TRY IT — All entries are to be given again verbatim.

PROVIDED DATA —
◇ ◇ ◇ ◇
Lemma cond_risk_improve_eq c v :
  cond_risk c v p <= cond_risk c (improve_score c v p) p -> qdec c a v =1 p.
Proof.
have qL_pos := qL_gt0 K_gt0 v.
case: c.
- rewrite !cond_risk_LR qL_improve_score => /xent_midpoint_eq eq_pq k.
  by rewrite eq_pq // p_sum1 sum_qL.
- rewrite !cond_risk_LS qL_improve_score => /xent_midpoint_eq eq_pq k.
  by rewrite /= /qRL -eq_pq ?smooth_invK // sum_smooth_p sum_qL.
- rewrite !cond_risk_MLS qL_improve_score smooth_midpointE.
  move=> /xent_midpoint_eq eq_pq k; apply/esym/(smooth_inj a_neq1); apply: eq_pq => //.
  by rewrite sum_smooth_p sum_smooth_qL.
- rewrite !cond_risk_LSQ qL_improve_score => /brier_midpoint_eq eq_pq k.
  by rewrite eq_pq.
Qed.

End probability_vector.
End conditional_risk.

Lemma ge0_integral_mrestr d (T : measurableType d) (R : realType)
    (mu : {measure set T -> \bar R}) (D : set T) (mD : measurable D)
    (f : T -> \bar R) :
  measurable_fun setT f -> (forall x, (0 <= f x)%E) ->
  (\int[mrestr mu mD]_x f x = \int[mu]_(x in D) f x)%E.
Proof.
move=> mf f0; rewrite -(setUv D) ge0_integral_setU //; last 3 first.
- exact: measurableC.
- by rewrite setUv.
- by rewrite disj_set2E setICr.
rewrite (@null_set_integral _ _ _ (mrestr mu mD) (~` D)) ?adde0 //; last 3 first.
- exact: measurableC.
- exact: measurable_funTS.
- by rewrite -[LHS]/(mu (~` D `&` D)) setICl measure0.
apply: eq_measure_integral => A mA AD.
by rewrite -[LHS]/(mu (A `&` D)) setIidl.
Qed.

Lemma ae_le_of_integral_ge d (T : measurableType d) (R : realType)
    (mu : {measure set T -> \bar R}) (f g : T -> R) :
  measurable_fun setT f -> measurable_fun setT g ->
  (forall x, 0 <= g x) -> (forall x, g x <= f x) ->
  (\int[mu]_x (f x)%:E < +oo)%E ->
  (\int[mu]_x (f x)%:E <= \int[mu]_x (g x)%:E)%E ->
  {ae mu, forall x, f x <= g x}.
Proof.
move=> mf mg g_ge0 g_le_f f_fin int_f_le_g.
have f_ge0 x : 0 <= f x := le_trans (g_ge0 x) (g_le_f x).
have f_int : mu.-integrable setT (fun x => (f x)%:E).
  apply/integrableP; split; first exact/measurable_EFinP.
  by under eq_integral do rewrite gee0_abs ?lee_fin //.
have g_int : mu.-integrable setT (fun x => (g x)%:E).
  apply: (le_integrable measurableT _ _ f_int); first exact/measurable_EFinP.
  by move=> x _; rewrite !gee0_abs ?lee_fin.
have mfg : measurable_fun setT (fun x => (f x - g x)%:E).
  exact/measurable_EFinP/measurable_funB.
have /(ae_eq_integral_abs mu measurableT mfg) : (\int[mu]_x `|(f x - g x)%:E| = 0)%E.
  under eq_integral do rewrite gee0_abs ?lee_fin ?subr_ge0 // EFinB.
  have int_g_le_f : (\int[mu]_x (g x)%:E <= \int[mu]_x (f x)%:E)%E.
    by rewrite le_integral // => x _; rewrite lee_fin.
  have int_fg : (\int[mu]_x (g x)%:E = \int[mu]_x (f x)%:E)%E.
    by apply/eqP; rewrite eq_le int_f_le_g int_g_le_f.
  rewrite integralB // int_fg subee // ge0_fin_numE //.
  by apply: integral_ge0 => x _; rewrite lee_fin.
apply: filterS => x /(_ I) /eqP; rewrite eqe subr_eq0 => /eqP ->.
exact: lexx.
Qed.

Lemma sum_indic_fibers (R : realType) (U : Type) (K : nat) (f : U -> 'I_K)
    (G : 'I_K -> R) u :
  G (f u) = \sum_(y < K) G y * \1_(f @^-1` [set y]) u.
Proof.
rewrite (bigD1 (f u)) //= indicE mem_set // mulr1 big1 ?addr0 // => y yfu.
by rewrite indicE memNset ?mulr0 //= => fuy; rewrite fuy eqxx in yfu.
Qed.

Section measurable_scores.
Context d (S : measurableType d) (R : realType) (K : nat).

Definition measurable_scores (g : S -> 'I_K -> R) :=
  forall k, measurable_fun setT (fun x => g x k).

Definition measurable_fibers (f : S -> 'I_K) :=
  forall k, measurable (f @^-1` [set k]).

Lemma measurable_comp_fibers (f : S -> 'I_K) (G : 'I_K -> R) :
  measurable_fibers f -> measurable_fun setT (G \o f).
Proof.
move=> mf; rewrite (_ : G \o f = fun x => \sum_(y < K) G y * \1_(f @^-1` [set y]) x).
  by apply: measurable_sum => y; apply: measurable_funM => //; exact: measurable_indic.
by apply/funext => x; exact: sum_indic_fibers.
Qed.

Lemma measurable_qL g k : measurable_scores g ->
  measurable_fun setT (fun x => qL (g x) k).
Proof.
move=> mg; have K_gt0 : (0 < K)%N := leq_ltn_trans (leq0n _) (ltn_ord k).
have qLE x : qL (g x) k = expR (g x k - ln (\sum_(l < K) expR (g x l))).
  by rewrite expRB lnK // posrE sum_expR_gt0.
rewrite (funext qLE); apply: measurableT_comp => //; apply: measurable_funB => //.
apply: measurableT_comp => //; apply: measurable_sum => l.
exact: measurableT_comp.
Qed.

Lemma measurable_phi c a g y : measurable_scores g ->
  measurable_fun setT (fun x => phi c a (g x) y).
Proof.
move=> mg; have mq k := measurable_qL k mg.
have msmooth (F : S -> R) : measurable_fun setT F ->
    measurable_fun setT (fun x => smooth K a (F x)).
  by move=> mF; apply: measurable_funD => //; exact: measurable_funM.
case: c => /=.
- apply: measurable_funN; apply: measurable_sum => k.
  by apply: measurable_funM => //; exact: measurableT_comp.
- apply: measurable_funN; apply: measurable_sum => k.
  by apply: measurable_funM => //; exact: measurableT_comp.
- apply: measurable_funN; apply: measurable_sum => k.
  by apply: measurable_funM => //; apply: measurableT_comp => //; exact: msmooth.
- apply: measurable_sum => k; apply: measurable_funX.
  exact: measurable_funB.
Qed.

End measurable_scores.

Section conditional_probability.
Context d (T : measurableType d) (R : realType) (P : probability T R).
Context d' (S : measurableType d') (X : T -> S) (mX : measurable_fun setT X).
Context (K : nat) (Y : T -> 'I_K) (mY : measurable_fibers Y).

Definition joint_law k := pushforward (mrestr P (mY k)) X.

Section joint_law_measure.
Variable k : 'I_K.

Let joint_law0 : joint_law k set0 = 0%E.
Proof. by rewrite /joint_law /pushforward preimage_set0 measure0. Qed.

Let joint_law_ge0 A : (0 <= joint_law k A)%E.
Proof. exact: measure_ge0. Qed.

Let joint_law_sigma_additive : semi_sigma_additive (joint_law k).
Proof. exact: measure_semi_sigma_additive. Qed.

HB.instance Definition _ := isMeasure.Build _ _ _ (joint_law k)
  joint_law0 joint_law_ge0 joint_law_sigma_additive.

Let joint_law_fin : fin_num_fun (joint_law k).
Proof.
move=> A mA; apply: (fin_num_measure (mrestr P (mY k))).
by rewrite -[X in measurable X]setTI; exact: mX.
Qed.

HB.instance Definition _ := Measure_isFinite.Build _ _ _ (joint_law k) joint_law_fin.

End joint_law_measure.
◇ ◇ ◇ ◇
RESPONSE AREA —
Lemma cond_risk_improve_eq c v :
  cond_risk c v p <= cond_risk c (improve_score c v p) p -> qdec c a v =1 p.
Proof.
have qL_pos := qL_gt0 K_gt0 v.
case: c.
- rewrite !cond_risk_LR qL_improve_score => /xent_midpoint_eq eq_pq k.
  by rewrite eq_pq // p_sum1 sum_qL.
- rewrite !cond_risk_LS qL_improve_score => /xent_midpoint_eq eq_pq k.
  by rewrite /= /qRL -eq_pq ?smooth_invK // sum_smooth_p sum_qL.
- rewrite !cond_risk_MLS qL_improve_score smooth_midpointE.
  move=> /xent_midpoint_eq eq_pq k; apply/esym/(smooth_inj a_neq1); apply: eq_pq => //.
  by rewrite sum_smooth_p sum_smooth_qL.
- rewrite !cond_risk_LSQ qL_improve_score => /brier_midpoint_eq eq_pq k.
  by rewrite eq_pq.
Qed.

End probability_vector.
End conditional_risk.

Lemma ge0_integral_mrestr d (T : measurableType d) (R : realType)
    (mu : {measure set T -> \bar R}) (D : set T) (mD : measurable D)
    (f : T -> \bar R) :
  measurable_fun setT f -> (forall x, (0 <= f x)%E) ->
  (\int[mrestr mu mD]_x f x = \int[mu]_(x in D) f x)%E.
Proof.
move=> mf f0; rewrite -(setUv D) ge0_integral_setU //; last 3 first.
- exact: measurableC.
- by rewrite setUv.
- by rewrite disj_set2E setICr.
rewrite (@null_set_integral _ _ _ (mrestr mu mD) (~` D)) ?adde0 //; last 3 first.
- exact: measurableC.
- exact: measurable_funTS.
- by rewrite -[LHS]/(mu (~` D `&` D)) setICl measure0.
apply: eq_measure_integral => A mA AD.
by rewrite -[LHS]/(mu (A `&` D)) setIidl.
Qed.

Lemma ae_le_of_integral_ge d (T : measurableType d) (R : realType)
    (mu : {measure set T -> \bar R}) (f g : T -> R) :
  measurable_fun setT f -> measurable_fun setT g ->
  (forall x, 0 <= g x) -> (forall x, g x <= f x) ->
  (\int[mu]_x (f x)%:E < +oo)%E ->
  (\int[mu]_x (f x)%:E <= \int[mu]_x (g x)%:E)%E ->
  {ae mu, forall x, f x <= g x}.
Proof.
move=> mf mg g_ge0 g_le_f f_fin int_f_le_g.
have f_ge0 x : 0 <= f x := le_trans (g_ge0 x) (g_le_f x).
have f_int : mu.-integrable setT (fun x => (f x)%:E).
  apply/integrableP; split; first exact/measurable_EFinP.
  by under eq_integral do rewrite gee0_abs ?lee_fin //.
have g_int : mu.-integrable setT (fun x => (g x)%:E).
  apply: (le_integrable measurableT _ _ f_int); first exact/measurable_EFinP.
  by move=> x _; rewrite !gee0_abs ?lee_fin.
have mfg : measurable_fun setT (fun x => (f x - g x)%:E).
  exact/measurable_EFinP/measurable_funB.
have /(ae_eq_integral_abs mu measurableT mfg) : (\int[mu]_x `|(f x - g x)%:E| = 0)%E.
  under eq_integral do rewrite gee0_abs ?lee_fin ?subr_ge0 // EFinB.
  have int_g_le_f : (\int[mu]_x (g x)%:E <= \int[mu]_x (f x)%:E)%E.
    by rewrite le_integral // => x _; rewrite lee_fin.
  have int_fg : (\int[mu]_x (g x)%:E = \int[mu]_x (f x)%:E)%E.
    by apply/eqP; rewrite eq_le int_f_le_g int_g_le_f.
  rewrite integralB // int_fg subee // ge0_fin_numE //.
  by apply: integral_ge0 => x _; rewrite lee_fin.
apply: filterS => x /(_ I) /eqP; rewrite eqe subr_eq0 => /eqP ->.
exact: lexx.
Qed.

Lemma sum_indic_fibers (R : realType) (U : Type) (K : nat) (f : U -> 'I_K)
    (G : 'I_K -> R) u :
  G (f u) = \sum_(y < K) G y * \1_(f @^-1` [set y]) u.
Proof.
rewrite (bigD1 (f u)) //= indicE mem_set // mulr1 big1 ?addr0 // => y yfu.
by rewrite indicE memNset ?mulr0 //= => fuy; rewrite fuy eqxx in yfu.
Qed.

Section measurable_scores.
Context d (S : measurableType d) (R : realType) (K : nat).

Definition measurable_scores (g : S -> 'I_K -> R) :=
  forall k, measurable_fun setT (fun x => g x k).

Definition measurable_fibers (f : S -> 'I_K) :=
  forall k, measurable (f @^-1` [set k]).

Lemma measurable_comp_fibers (f : S -> 'I_K) (G : 'I_K -> R) :
  measurable_fibers f -> measurable_fun setT (G \o f).
Proof.
move=> mf; rewrite (_ : G \o f = fun x => \sum_(y < K) G y * \1_(f @^-1` [set y]) x).
  by apply: measurable_sum => y; apply: measurable_funM => //; exact: measurable_indic.
by apply/funext => x; exact: sum_indic_fibers.
Qed.

Lemma measurable_qL g k : measurable_scores g ->
  measurable_fun setT (fun x => qL (g x) k).
Proof.
move=> mg; have K_gt0 : (0 < K)%N := leq_ltn_trans (leq0n _) (ltn_ord k).
have qLE x : qL (g x) k = expR (g x k - ln (\sum_(l < K) expR (g x l))).
  by rewrite expRB lnK // posrE sum_expR_gt0.
rewrite (funext qLE); apply: measurableT_comp => //; apply: measurable_funB => //.
apply: measurableT_comp => //; apply: measurable_sum => l.
exact: measurableT_comp.
Qed.

Lemma measurable_phi c a g y : measurable_scores g ->
  measurable_fun setT (fun x => phi c a (g x) y).
Proof.
move=> mg; have mq k := measurable_qL k mg.
have msmooth (F : S -> R) : measurable_fun setT F ->
    measurable_fun setT (fun x => smooth K a (F x)).
  by move=> mF; apply: measurable_funD => //; exact: measurable_funM.
case: c => /=.
- apply: measurable_funN; apply: measurable_sum => k.
  by apply: measurable_funM => //; exact: measurableT_comp.
- apply: measurable_funN; apply: measurable_sum => k.
  by apply: measurable_funM => //; exact: measurableT_comp.
- apply: measurable_funN; apply: measurable_sum => k.
  by apply: measurable_funM => //; apply: measurableT_comp => //; exact: msmooth.
- apply: measurable_sum => k; apply: measurable_funX.
  exact: measurable_funB.
Qed.

End measurable_scores.

Section conditional_probability.
Context d (T : measurableType d) (R : realType) (P : probability T R).
Context d' (S : measurableType d') (X : T -> S) (mX : measurable_fun setT X).
Context (K : nat) (Y : T -> 'I_K) (mY : measurable_fibers Y).

Definition joint_law k := pushforward (mrestr P (mY k)) X.

Section joint_law_measure.
Variable k : 'I_K.

Let joint_law0 : joint_law k set0 = 0%E.
Proof. by rewrite /joint_law /pushforward preimage_set0 measure0. Qed.

Let joint_law_ge0 A : (0 <= joint_law k A)%E.
Proof. exact: measure_ge0. Qed.

Let joint_law_sigma_additive : semi_sigma_additive (joint_law k).
Proof. exact: measure_semi_sigma_additive. Qed.

HB.instance Definition _ := isMeasure.Build _ _ _ (joint_law k)
  joint_law0 joint_law_ge0 joint_law_sigma_additive.

Let joint_law_fin : fin_num_fun (joint_law k).
Proof.
move=> A mA; apply: (fin_num_measure (mrestr P (mY k))).
by rewrite -[X in measurable X]setTI; exact: mX.
Qed.

HB.instance Definition _ := Measure_isFinite.Build _ _ _ (joint_law k) joint_law_fin.

End joint_law_measure.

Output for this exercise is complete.